Source data
***

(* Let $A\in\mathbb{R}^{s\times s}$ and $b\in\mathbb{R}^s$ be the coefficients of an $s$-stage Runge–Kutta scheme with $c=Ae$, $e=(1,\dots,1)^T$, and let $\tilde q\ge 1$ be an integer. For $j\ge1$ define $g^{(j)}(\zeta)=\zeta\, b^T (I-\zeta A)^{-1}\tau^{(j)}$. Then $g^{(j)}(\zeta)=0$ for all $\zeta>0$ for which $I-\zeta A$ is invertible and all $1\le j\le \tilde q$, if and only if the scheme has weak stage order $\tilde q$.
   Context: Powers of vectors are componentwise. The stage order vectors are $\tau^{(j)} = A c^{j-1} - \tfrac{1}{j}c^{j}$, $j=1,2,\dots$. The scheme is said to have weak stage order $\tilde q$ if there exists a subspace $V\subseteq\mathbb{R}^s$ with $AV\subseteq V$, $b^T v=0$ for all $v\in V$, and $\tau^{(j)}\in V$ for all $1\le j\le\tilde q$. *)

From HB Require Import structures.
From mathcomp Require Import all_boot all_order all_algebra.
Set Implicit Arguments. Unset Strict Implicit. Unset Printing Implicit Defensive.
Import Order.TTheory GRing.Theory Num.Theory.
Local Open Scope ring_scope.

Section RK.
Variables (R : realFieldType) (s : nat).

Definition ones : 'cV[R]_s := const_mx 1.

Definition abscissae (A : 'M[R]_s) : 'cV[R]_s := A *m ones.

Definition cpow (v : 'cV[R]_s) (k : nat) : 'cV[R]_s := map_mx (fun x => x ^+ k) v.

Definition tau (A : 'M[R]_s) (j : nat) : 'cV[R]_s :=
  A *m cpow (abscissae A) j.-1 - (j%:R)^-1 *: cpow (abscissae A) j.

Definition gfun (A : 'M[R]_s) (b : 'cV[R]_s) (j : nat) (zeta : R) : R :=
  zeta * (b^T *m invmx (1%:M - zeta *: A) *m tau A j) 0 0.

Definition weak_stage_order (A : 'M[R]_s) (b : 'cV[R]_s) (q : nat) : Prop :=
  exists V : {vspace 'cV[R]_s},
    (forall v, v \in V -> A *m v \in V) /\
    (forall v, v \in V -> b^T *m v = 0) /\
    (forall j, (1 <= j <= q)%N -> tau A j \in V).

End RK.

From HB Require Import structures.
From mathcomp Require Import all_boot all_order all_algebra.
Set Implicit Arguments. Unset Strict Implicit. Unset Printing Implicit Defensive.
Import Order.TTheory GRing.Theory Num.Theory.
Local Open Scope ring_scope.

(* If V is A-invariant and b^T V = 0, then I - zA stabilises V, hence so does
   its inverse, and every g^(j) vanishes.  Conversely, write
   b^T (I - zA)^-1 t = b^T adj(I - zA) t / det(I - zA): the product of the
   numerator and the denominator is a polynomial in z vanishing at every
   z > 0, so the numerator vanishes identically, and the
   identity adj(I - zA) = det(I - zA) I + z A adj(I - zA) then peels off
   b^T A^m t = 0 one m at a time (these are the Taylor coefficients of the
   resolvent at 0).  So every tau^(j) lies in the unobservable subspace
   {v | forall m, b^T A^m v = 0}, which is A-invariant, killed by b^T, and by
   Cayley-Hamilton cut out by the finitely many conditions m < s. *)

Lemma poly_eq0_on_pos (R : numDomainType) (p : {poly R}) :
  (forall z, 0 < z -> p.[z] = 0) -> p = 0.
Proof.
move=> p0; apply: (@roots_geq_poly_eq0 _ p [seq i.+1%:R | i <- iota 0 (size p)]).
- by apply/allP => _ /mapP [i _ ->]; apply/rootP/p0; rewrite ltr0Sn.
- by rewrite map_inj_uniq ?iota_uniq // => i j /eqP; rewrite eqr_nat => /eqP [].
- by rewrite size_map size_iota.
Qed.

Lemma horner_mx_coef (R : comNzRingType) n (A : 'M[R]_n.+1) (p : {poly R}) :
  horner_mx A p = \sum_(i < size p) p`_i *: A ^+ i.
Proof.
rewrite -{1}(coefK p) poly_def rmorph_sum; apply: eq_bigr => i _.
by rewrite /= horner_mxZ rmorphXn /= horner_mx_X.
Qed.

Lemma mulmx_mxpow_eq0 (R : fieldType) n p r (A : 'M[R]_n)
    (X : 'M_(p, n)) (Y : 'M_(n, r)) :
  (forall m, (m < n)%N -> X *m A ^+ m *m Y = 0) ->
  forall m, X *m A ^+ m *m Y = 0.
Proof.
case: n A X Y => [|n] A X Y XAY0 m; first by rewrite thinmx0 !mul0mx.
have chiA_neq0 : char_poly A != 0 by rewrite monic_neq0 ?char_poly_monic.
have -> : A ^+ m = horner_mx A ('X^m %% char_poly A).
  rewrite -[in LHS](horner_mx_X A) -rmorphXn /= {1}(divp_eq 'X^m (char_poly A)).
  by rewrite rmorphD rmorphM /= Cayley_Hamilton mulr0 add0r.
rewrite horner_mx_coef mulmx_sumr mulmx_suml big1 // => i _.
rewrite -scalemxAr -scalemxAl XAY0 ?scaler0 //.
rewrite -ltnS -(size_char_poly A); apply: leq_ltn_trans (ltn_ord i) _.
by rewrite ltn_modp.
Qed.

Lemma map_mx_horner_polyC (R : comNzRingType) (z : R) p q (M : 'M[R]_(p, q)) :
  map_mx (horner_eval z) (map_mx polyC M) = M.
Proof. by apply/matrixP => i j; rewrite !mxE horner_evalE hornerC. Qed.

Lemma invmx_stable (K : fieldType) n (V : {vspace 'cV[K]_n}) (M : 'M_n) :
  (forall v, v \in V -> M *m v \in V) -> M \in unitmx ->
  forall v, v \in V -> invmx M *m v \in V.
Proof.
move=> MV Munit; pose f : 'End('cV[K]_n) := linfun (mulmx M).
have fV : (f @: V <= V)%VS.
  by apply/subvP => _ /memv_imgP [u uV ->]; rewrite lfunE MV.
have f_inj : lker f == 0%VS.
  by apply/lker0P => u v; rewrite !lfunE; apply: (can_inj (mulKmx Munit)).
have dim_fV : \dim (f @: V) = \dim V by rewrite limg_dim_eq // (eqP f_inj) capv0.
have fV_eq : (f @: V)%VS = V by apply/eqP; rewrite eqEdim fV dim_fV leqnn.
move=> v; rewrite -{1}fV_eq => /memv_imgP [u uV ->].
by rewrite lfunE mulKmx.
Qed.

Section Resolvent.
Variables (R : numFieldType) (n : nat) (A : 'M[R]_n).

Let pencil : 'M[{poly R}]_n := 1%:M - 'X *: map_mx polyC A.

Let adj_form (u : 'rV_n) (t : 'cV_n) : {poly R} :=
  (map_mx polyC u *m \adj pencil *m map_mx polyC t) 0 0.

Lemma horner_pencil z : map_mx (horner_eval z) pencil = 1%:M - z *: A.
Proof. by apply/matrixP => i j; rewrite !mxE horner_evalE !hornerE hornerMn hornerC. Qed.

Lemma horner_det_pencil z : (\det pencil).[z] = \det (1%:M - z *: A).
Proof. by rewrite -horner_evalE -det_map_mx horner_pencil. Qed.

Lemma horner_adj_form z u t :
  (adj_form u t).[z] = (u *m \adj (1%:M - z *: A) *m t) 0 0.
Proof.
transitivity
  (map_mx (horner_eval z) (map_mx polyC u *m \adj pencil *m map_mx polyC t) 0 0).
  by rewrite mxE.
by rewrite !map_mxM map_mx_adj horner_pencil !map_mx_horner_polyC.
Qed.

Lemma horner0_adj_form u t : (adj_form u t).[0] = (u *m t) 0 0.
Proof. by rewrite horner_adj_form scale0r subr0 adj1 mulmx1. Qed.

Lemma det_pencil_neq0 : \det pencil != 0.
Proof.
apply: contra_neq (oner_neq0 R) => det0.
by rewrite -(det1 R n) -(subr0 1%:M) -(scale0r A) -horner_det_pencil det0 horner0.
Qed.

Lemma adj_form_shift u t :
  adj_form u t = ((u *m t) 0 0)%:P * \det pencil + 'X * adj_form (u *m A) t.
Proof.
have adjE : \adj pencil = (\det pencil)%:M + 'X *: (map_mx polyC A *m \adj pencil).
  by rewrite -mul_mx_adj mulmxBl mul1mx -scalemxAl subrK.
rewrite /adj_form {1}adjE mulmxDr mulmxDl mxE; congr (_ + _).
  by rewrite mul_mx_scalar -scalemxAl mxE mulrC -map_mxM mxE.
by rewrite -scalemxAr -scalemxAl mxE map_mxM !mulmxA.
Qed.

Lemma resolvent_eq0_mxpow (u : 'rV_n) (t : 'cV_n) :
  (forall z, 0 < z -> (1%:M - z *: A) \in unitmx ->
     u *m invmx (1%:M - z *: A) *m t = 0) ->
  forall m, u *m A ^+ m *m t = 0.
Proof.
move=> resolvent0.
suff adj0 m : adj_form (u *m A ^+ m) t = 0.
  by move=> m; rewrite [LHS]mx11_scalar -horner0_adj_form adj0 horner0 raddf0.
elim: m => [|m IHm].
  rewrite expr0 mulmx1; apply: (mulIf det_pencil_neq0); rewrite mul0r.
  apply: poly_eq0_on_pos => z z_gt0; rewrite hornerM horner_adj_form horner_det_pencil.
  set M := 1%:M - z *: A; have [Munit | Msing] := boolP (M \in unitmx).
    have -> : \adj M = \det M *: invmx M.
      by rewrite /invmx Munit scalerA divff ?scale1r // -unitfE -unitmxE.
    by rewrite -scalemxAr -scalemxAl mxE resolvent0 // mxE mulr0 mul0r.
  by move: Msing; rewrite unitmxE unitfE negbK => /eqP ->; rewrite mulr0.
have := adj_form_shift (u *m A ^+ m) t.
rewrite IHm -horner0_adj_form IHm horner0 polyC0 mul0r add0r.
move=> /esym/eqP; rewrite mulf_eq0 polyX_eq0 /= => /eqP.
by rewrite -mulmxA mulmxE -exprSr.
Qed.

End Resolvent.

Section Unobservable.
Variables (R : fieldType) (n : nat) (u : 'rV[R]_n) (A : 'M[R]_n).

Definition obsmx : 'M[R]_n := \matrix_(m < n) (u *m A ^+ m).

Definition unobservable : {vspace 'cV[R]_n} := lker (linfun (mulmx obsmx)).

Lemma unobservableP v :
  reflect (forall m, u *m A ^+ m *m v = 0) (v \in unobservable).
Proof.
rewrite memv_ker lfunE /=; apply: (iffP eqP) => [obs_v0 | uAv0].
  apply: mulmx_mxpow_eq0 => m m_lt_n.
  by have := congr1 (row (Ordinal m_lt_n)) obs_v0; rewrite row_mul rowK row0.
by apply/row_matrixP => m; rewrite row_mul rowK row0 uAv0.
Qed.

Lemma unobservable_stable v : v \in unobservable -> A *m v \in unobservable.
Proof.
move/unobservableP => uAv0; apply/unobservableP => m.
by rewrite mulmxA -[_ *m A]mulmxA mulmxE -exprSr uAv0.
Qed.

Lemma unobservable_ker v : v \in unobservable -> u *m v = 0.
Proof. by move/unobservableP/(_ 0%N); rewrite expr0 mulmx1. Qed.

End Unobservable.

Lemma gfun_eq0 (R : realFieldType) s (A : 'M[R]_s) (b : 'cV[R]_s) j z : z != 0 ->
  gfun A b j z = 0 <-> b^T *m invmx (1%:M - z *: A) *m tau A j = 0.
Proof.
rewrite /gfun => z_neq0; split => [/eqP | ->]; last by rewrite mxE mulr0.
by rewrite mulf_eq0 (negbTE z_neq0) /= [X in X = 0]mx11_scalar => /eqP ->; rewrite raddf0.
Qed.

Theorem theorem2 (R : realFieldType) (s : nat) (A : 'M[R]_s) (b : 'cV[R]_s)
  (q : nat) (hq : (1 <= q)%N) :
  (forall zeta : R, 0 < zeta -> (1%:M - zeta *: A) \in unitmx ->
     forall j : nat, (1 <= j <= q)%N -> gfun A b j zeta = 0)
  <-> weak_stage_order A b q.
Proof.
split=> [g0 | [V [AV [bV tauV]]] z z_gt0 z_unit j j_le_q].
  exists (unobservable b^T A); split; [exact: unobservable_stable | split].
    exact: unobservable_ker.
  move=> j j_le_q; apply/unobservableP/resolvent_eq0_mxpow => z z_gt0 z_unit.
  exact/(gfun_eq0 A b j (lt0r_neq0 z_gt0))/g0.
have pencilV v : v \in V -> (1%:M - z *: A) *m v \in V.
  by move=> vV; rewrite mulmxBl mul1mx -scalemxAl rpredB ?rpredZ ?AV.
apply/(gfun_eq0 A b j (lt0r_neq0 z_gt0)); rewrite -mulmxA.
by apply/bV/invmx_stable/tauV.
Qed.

***

## Exercise aim
The stretch of entries above that starts with the line containing "apply: mulmx_mxpow_eq0 => m m_lt_n." and goes on through the line containing "Lemma gfun_eq0 (R" is to be transcribed exactly, and no other line is to be transcribed.

## Your solution
  apply: mulmx_mxpow_eq0 => m m_lt_n.
  by have := congr1 (row (Ordinal m_lt_n)) obs_v0; rewrite row_mul rowK row0.
by apply/row_matrixP => m; rewrite row_mul rowK row0 uAv0.
Qed.

Lemma unobservable_stable v : v \in unobservable -> A *m v \in unobservable.
Proof.
move/unobservableP => uAv0; apply/unobservableP => m.
by rewrite mulmxA -[_ *m A]mulmxA mulmxE -exprSr uAv0.
Qed.

Lemma unobservable_ker v : v \in unobservable -> u *m v = 0.
Proof. by move/unobservableP/(_ 0%N); rewrite expr0 mulmx1. Qed.

End Unobservable.

Lemma gfun_eq0 (R : realFieldType) s (A : 'M[R]_s) (b : 'cV[R]_s) j z : z != 0 ->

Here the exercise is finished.